[Opening Records for this task section]
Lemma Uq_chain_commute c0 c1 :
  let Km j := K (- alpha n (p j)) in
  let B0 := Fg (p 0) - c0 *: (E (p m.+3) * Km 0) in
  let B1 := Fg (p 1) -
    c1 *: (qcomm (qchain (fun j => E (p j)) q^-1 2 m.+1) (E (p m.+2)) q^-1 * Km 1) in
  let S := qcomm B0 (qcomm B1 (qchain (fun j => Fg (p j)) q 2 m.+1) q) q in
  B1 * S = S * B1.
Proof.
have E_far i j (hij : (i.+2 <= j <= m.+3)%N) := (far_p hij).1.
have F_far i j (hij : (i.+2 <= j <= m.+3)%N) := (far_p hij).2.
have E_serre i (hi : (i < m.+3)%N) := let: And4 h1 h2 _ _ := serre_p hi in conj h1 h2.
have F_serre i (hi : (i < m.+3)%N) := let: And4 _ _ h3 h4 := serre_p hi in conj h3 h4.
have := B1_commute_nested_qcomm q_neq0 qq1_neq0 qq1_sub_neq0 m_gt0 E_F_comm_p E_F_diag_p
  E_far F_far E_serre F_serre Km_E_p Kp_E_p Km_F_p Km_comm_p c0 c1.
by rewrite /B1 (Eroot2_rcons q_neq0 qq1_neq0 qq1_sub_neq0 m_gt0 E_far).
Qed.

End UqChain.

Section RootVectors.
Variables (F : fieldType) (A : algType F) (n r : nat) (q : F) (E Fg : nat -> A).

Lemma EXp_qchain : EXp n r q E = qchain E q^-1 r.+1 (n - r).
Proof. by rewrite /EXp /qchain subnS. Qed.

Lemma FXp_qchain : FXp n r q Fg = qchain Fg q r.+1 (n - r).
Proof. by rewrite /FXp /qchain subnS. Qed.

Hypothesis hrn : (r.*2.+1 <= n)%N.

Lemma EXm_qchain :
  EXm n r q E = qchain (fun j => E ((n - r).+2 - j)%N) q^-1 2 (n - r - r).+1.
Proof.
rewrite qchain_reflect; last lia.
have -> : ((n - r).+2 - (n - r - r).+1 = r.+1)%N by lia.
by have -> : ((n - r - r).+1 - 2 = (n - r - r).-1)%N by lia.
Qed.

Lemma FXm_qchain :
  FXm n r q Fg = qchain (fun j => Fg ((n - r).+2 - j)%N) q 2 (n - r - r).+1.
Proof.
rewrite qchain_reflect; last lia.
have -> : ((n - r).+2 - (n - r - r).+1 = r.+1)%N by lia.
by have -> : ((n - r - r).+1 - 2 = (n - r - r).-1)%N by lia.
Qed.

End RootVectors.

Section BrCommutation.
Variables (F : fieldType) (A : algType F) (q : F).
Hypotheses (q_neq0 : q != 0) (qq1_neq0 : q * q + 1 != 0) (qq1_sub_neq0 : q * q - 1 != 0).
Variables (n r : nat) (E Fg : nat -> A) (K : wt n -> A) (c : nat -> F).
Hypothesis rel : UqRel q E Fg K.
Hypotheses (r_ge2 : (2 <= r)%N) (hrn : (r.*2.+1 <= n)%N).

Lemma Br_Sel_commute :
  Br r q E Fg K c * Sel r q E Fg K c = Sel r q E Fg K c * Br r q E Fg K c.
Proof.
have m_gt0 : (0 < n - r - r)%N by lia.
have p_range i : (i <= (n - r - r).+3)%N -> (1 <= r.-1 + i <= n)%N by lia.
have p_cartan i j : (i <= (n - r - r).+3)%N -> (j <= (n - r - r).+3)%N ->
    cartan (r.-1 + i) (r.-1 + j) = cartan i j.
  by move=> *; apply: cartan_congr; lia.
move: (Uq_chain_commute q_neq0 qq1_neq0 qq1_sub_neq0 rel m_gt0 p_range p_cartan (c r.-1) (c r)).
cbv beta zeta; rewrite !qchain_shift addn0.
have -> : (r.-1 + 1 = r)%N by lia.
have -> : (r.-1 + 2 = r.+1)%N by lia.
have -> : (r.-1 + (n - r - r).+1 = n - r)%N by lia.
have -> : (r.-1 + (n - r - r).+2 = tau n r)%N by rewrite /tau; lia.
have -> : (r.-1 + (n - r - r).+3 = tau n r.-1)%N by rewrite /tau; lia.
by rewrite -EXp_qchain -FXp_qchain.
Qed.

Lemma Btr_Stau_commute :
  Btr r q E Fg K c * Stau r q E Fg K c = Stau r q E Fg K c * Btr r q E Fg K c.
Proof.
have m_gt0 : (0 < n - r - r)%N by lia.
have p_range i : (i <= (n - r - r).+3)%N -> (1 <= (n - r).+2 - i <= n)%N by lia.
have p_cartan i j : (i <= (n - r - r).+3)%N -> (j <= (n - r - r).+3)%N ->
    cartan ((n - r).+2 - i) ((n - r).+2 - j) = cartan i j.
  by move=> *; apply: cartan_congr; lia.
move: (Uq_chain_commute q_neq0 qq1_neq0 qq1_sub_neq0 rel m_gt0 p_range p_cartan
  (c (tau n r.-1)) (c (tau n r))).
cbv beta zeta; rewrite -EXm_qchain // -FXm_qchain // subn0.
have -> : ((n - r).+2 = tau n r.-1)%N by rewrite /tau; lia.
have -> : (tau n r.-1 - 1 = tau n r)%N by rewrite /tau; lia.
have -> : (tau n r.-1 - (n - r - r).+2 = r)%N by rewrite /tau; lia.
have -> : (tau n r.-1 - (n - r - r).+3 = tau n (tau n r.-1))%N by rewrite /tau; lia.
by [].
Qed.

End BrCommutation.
[Closing Records for this task section]
| Activity |
Your response should be made up of the lines in the data that contain the word "zeta".

| Output for this exercise |
cbv beta zeta; rewrite !qchain_shift addn0.
cbv beta zeta; rewrite -EXm_qchain // -FXm_qchain // subn0.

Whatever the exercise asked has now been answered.